▶ Requirement
Your task is to repeat the entries exactly from their first line through the line with "when the quadratic", and to stop there.

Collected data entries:
(* Let $\psi=13/10$, $\chi=1/2$, and $f(r)=\frac{\psi-r^{\chi}}{1+r}$ for $r\in(0,1]$. Parameterize $r$ by $t$ via $e^{t}=\frac{r}{1+r}$ (so $t\in(-\infty,\ln(1/2)]$). Then $f$, viewed as a function of $t$, i.e. $t\mapsto f\big(\frac{e^t}{1-e^t}\big)$, is concave on $(-\infty,\ln(1/2)]$. *)

From Stdlib Require Import Reals.
Open Scope R_scope.

Definition psi : R := 13/10.
Definition chi : R := 1/2.

Definition f (r : R) : R := (psi - Rpower r chi) / (1 + r).

Definition r_of_t (t : R) : R := exp t / (1 - exp t).

Definition g (t : R) : R := f (r_of_t t).

Definition concave_on (D : R -> Prop) (h : R -> R) : Prop :=
  forall x y l, D x -> D y -> 0 <= l <= 1 ->
    l * h x + (1 - l) * h y <= h (l * x + (1 - l) * y).

(** With [E = e^t] we have [r = E / (1 - E)] and [1 + r = 1 / (1 - E)], so the function is
    [G(t) = psi (1 - E) - S] with [S = sqrt (E (1 - E))], and
    [G''(t) = - psi E - E^2 (4E^2 - 6E + 1) / (4 S^3)].
    On [E <= 1/2], [G'' <= 0] amounts to [- E (4E^2 - 6E + 1) <= 4 psi S^3]. This is trivial
    when the quadratic is nonnegative; otherwise square both sides: the quadratic then lies
    in [[-1, 0)] while [27 E (1 - E)^3 >= 1], and [16 psi^2 = 27.04 >= 27]. *)

From Stdlib Require Import Reals Lra Psatz.
From Coquelicot Require Import Coquelicot.
Open Scope R_scope.

Section ConcaveOfSecondDerivative.

Variable D : R -> Prop.
Hypothesis D_interval : forall x y z, D x -> D y -> x <= z <= y -> D z.

Lemma mean_value_on (F dF : R -> R) x y :
  (forall t, D t -> is_derive F t (dF t)) -> D x -> D y -> x <= y ->
  exists c, x <= c <= y /\ F y - F x = dF c * (y - x).
Proof.
  intros F_derive Dx Dy le_xy.
  assert (D_between : forall t, x <= t <= y -> D t)
    by (intros t Ht; exact (D_interval x y t Dx Dy Ht)).
  destruct (MVT_gen F x y dF) as [c [Hc eq_F]];
    rewrite ?Rmin_left, ?Rmax_right in * by lra.
  - intros t Ht; apply F_derive, D_between; lra.
  - intros t Ht; apply derivable_continuous_pt; exists (dF t).
    apply is_derive_Reals, F_derive, D_between; lra.
  - exists c; auto.
Qed.

Variables F F' F'' : R -> R.
Hypothesis F_derive : forall t, D t -> is_derive F t (F' t).
Hypothesis F'_derive : forall t, D t -> is_derive F' t (F'' t).
Hypothesis F''_nonpos : forall t, D t -> F'' t <= 0.

Lemma derive_antitone_on x y : D x -> D y -> x <= y -> F' y <= F' x.
Proof.
  intros Dx Dy le_xy.
  destruct (mean_value_on F' F'' x y F'_derive Dx Dy le_xy) as [c [Hc eq_F']].
  assert (F'' c <= 0) by (apply F''_nonpos, (D_interval x y); tauto).
  nra.
Qed.

Lemma chord_le_on x y l : D x -> D y -> x <= y -> 0 <= l <= 1 ->
  l * F x + (1 - l) * F y <= F (l * x + (1 - l) * y).
Proof.
  intros Dx Dy le_xy Hl.
  set (z := l * x + (1 - l) * y).
  assert (Hz : x <= z <= y) by (unfold z; nra).
  assert (Dz : D z) by exact (D_interval x y z Dx Dy Hz).
  destruct (mean_value_on F F' x z F_derive Dx Dz (proj1 Hz)) as [c1 [Hc1 eq1]].
  destruct (mean_value_on F F' z y F_derive Dz Dy (proj2 Hz)) as [c2 [Hc2 eq2]].
  assert (F' c2 <= F' c1).
  { apply derive_antitone_on; try lra; apply (D_interval x y); auto; lra. }
  replace (z - x) with ((1 - l) * (y - x)) in eq1 by (unfold z; ring).
  replace (y - z) with (l * (y - x)) in eq2 by (unfold z; ring).
  assert (0 <= l * (1 - l) * (y - x)) by (apply Rmult_le_pos; nra).
  nra.
Qed.

Lemma concave_on_of_derive2 : concave_on D F.
Proof.
  intros x y l Dx Dy Hl.
  destruct (Rle_lt_dec x y) as [le_xy | lt_yx].
  - exact (chord_le_on x y l Dx Dy le_xy Hl).
  - pose proof (chord_le_on y x (1 - l) Dy Dx (Rlt_le _ _ lt_yx) ltac:(lra)) as chord.
    replace ((1 - l) * y + (1 - (1 - l)) * x) with (l * x + (1 - l) * y) in chord by ring.
    lra.
Qed.

Lemma concave_on_ext (G H : R -> R) :
  (forall t, D t -> G t = H t) -> concave_on D H -> concave_on D G.
Proof.
  intros eq_GH conc_H x y l Dx Dy Hl.
  assert (Dxy : D (l * x + (1 - l) * y)).
  { destruct (Rle_lt_dec x y).
    - apply (D_interval x y); auto; nra.
    - apply (D_interval y x); auto; nra. }
  rewrite !eq_GH; auto.
Qed.

End ConcaveOfSecondDerivative.

Definition bernoulli_sd (t : R) : R := sqrt (exp t * (1 - exp t)).

Definition g_closed (t : R) : R := psi * (1 - exp t) - bernoulli_sd t.

Definition g_closed' (t : R) : R :=
  - psi * exp t - exp t * (1 - 2 * exp t) / (2 * bernoulli_sd t).

Definition g_closed'' (t : R) : R :=
  - psi * exp t - exp t ^ 2 * (4 * exp t ^ 2 - 6 * exp t + 1) / (4 * bernoulli_sd t ^ 3).

Lemma exp_lt_1 t : t < 0 -> exp t < 1.
Proof. intro t_neg; rewrite <- exp_0; apply exp_increasing; exact t_neg. Qed.

Lemma bernoulli_sd_pos t : t < 0 -> 0 < bernoulli_sd t.
Proof.
  intro t_neg; apply sqrt_lt_R0.
  pose proof (exp_pos t); pose proof (exp_lt_1 t t_neg); nra.
Qed.

Lemma bernoulli_sd_sqr t : t < 0 -> bernoulli_sd t ^ 2 = exp t * (1 - exp t).
Proof.
  intro t_neg; unfold bernoulli_sd; rewrite pow2_sqrt; [reflexivity |].
  pose proof (exp_pos t); pose proof (exp_lt_1 t t_neg); nra.
Qed.

Lemma g_eq_closed t : t < 0 -> g t = g_closed t.
Proof.
  intro t_neg.
  pose proof (exp_pos t) as E_pos; pose proof (exp_lt_1 t t_neg) as E_lt_1.
  unfold g, f, r_of_t, chi, g_closed, bernoulli_sd.
  replace (1 / 2) with (/ 2) by field.
  assert (r_pos : 0 < exp t / (1 - exp t)) by (apply Rdiv_lt_0_compat; lra).
  rewrite Rpower_sqrt by exact r_pos.
  replace (exp t * (1 - exp t)) with (exp t / (1 - exp t) * (1 - exp t) ^ 2)
    by (field; lra).
  rewrite sqrt_mult, sqrt_pow2 by (lra || apply pow2_ge_0).
  field; lra.
Qed.

Lemma is_derive_g_closed t : t < 0 -> is_derive g_closed t (g_closed' t).
Proof.
  intro t_neg.
  pose proof (exp_pos t); pose proof (exp_lt_1 t t_neg).
  pose proof (bernoulli_sd_pos t t_neg) as S_pos.
  unfold g_closed, g_closed', bernoulli_sd, Rminus in *.
  auto_derive; [nra |].
  field; lra.
Qed.

Lemma is_derive_g_closed' t : t < 0 -> is_derive g_closed' t (g_closed'' t).
Proof.
  intro t_neg.
  pose proof (exp_pos t); pose proof (exp_lt_1 t t_neg).
  pose proof (bernoulli_sd_pos t t_neg) as S_pos.
  pose proof (bernoulli_sd_sqr t t_neg) as S_sqr.
  unfold g_closed', g_closed'' in *.
  assert (curvature : exp t ^ 2 * (4 * exp t ^ 2 - 6 * exp t + 1)
    = 2 * exp t * (1 - 4 * exp t) * bernoulli_sd t ^ 2 - (exp t * (1 - 2 * exp t)) ^ 2)
    by (rewrite S_sqr; ring).
  (* [field] treats the square root as an atom, so [S^2 = E (1 - E)] is undone first. *)
  rewrite curvature.
  unfold bernoulli_sd, Rminus in *.
  auto_derive; [repeat split; nra |].
  field; lra.
Qed.

Lemma quadratic_sqr_le E : 0 < E <= 1/2 -> 4 * E ^ 2 - 6 * E + 1 < 0 ->
  (4 * E ^ 2 - 6 * E + 1) ^ 2 <= 27 * E * (1 - E) ^ 3.
Proof. intros E_range q_neg; nra. Qed.

Lemma curvature_bound E S : 0 < E <= 1/2 -> 0 < S -> S ^ 2 = E * (1 - E) ->
  - E * (4 * E ^ 2 - 6 * E + 1) <= 4 * psi * S ^ 3.
Proof.
  intros E_range S_pos S_sqr.
  assert (S3_pos : 0 < S ^ 3) by (apply pow_lt; exact S_pos).
  destruct (Rlt_or_le (4 * E ^ 2 - 6 * E + 1) 0) as [q_neg | q_nonneg].
  - apply Rsqr_incr_0_var; [| unfold psi; lra].
    pose proof (quadratic_sqr_le E E_range q_neg).
    replace (4 * psi * S ^ 3)² with (16 * psi ^ 2 * (E * (1 - E)) ^ 3)
      by (unfold Rsqr; rewrite <- S_sqr; ring).
    replace (- E * (4 * E ^ 2 - 6 * E + 1))² with (E ^ 2 * (4 * E ^ 2 - 6 * E + 1) ^ 2)
      by (unfold Rsqr; ring).
    unfold psi; nra.
  - unfold psi; nra.
Qed.

Lemma ln_half_neg : ln (1/2) < 0.
Proof. rewrite <- ln_1; apply ln_increasing; lra. Qed.

Lemma exp_le_half t : t <= ln (1/2) -> exp t <= 1/2.
Proof.
  intro t_le; rewrite <- (exp_ln (1/2)) by lra.
  destruct (Rle_lt_or_eq_dec _ _ t_le) as [t_lt | ->].
  - left; apply exp_increasing; exact t_lt.
  - right; reflexivity.
Qed.

Lemma g_closed''_nonpos t : t <= ln (1/2) -> g_closed'' t <= 0.
Proof.
  intro t_le.
  assert (t_neg : t < 0) by (pose proof ln_half_neg; lra).
  pose proof (curvature_bound (exp t) (bernoulli_sd t)
    (conj (exp_pos t) (exp_le_half t t_le)) (bernoulli_sd_pos t t_neg)
    (bernoulli_sd_sqr t t_neg)) as bound.
  pose proof (exp_pos t) as E_pos.
  assert (S3_pos : 0 < bernoulli_sd t ^ 3) by (apply pow_lt, bernoulli_sd_pos, t_neg).
  unfold g_closed''.
  set (E := exp t) in *; set (S3 := bernoulli_sd t ^ 3) in *.
  replace (- psi * E - E ^ 2 * (4 * E ^ 2 - 6 * E + 1) / (4 * S3))
    with (- (E * (E * (4 * E ^ 2 - 6 * E + 1) + 4 * psi * S3) / (4 * S3))) by (field; lra).
  assert (0 <= E * (E * (4 * E ^ 2 - 6 * E + 1) + 4 * psi * S3) / (4 * S3))
    by (apply Rdiv_le_0_compat; nra).
  lra.
Qed.

Theorem lemma25 : concave_on (fun t => t <= ln (1/2)) g.
Proof.
  pose proof ln_half_neg.
  assert (half_line : forall x y z, x <= ln (1/2) -> y <= ln (1/2) -> x <= z <= y ->
    z <= ln (1/2)) by (intros; lra).
  apply (concave_on_ext _ half_line g g_closed).
  { intros t t_le; apply g_eq_closed; lra. }
  apply (concave_on_of_derive2 _ half_line g_closed g_closed' g_closed'').
  - intros t t_le; apply is_derive_g_closed; lra.
  - intros t t_le; apply is_derive_g_closed'; lra.
  - exact g_closed''_nonpos.
Qed.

▶ Solution
(* Let $\psi=13/10$, $\chi=1/2$, and $f(r)=\frac{\psi-r^{\chi}}{1+r}$ for $r\in(0,1]$. Parameterize $r$ by $t$ via $e^{t}=\frac{r}{1+r}$ (so $t\in(-\infty,\ln(1/2)]$). Then $f$, viewed as a function of $t$, i.e. $t\mapsto f\big(\frac{e^t}{1-e^t}\big)$, is concave on $(-\infty,\ln(1/2)]$. *)

From Stdlib Require Import Reals.
Open Scope R_scope.

Definition psi : R := 13/10.
Definition chi : R := 1/2.

Definition f (r : R) : R := (psi - Rpower r chi) / (1 + r).

Definition r_of_t (t : R) : R := exp t / (1 - exp t).

Definition g (t : R) : R := f (r_of_t t).

Definition concave_on (D : R -> Prop) (h : R -> R) : Prop :=
  forall x y l, D x -> D y -> 0 <= l <= 1 ->
    l * h x + (1 - l) * h y <= h (l * x + (1 - l) * y).

(** With [E = e^t] we have [r = E / (1 - E)] and [1 + r = 1 / (1 - E)], so the function is
    [G(t) = psi (1 - E) - S] with [S = sqrt (E (1 - E))], and
    [G''(t) = - psi E - E^2 (4E^2 - 6E + 1) / (4 S^3)].
    On [E <= 1/2], [G'' <= 0] amounts to [- E (4E^2 - 6E + 1) <= 4 psi S^3]. This is trivial
    when the quadratic is nonnegative; otherwise square both sides: the quadratic then lies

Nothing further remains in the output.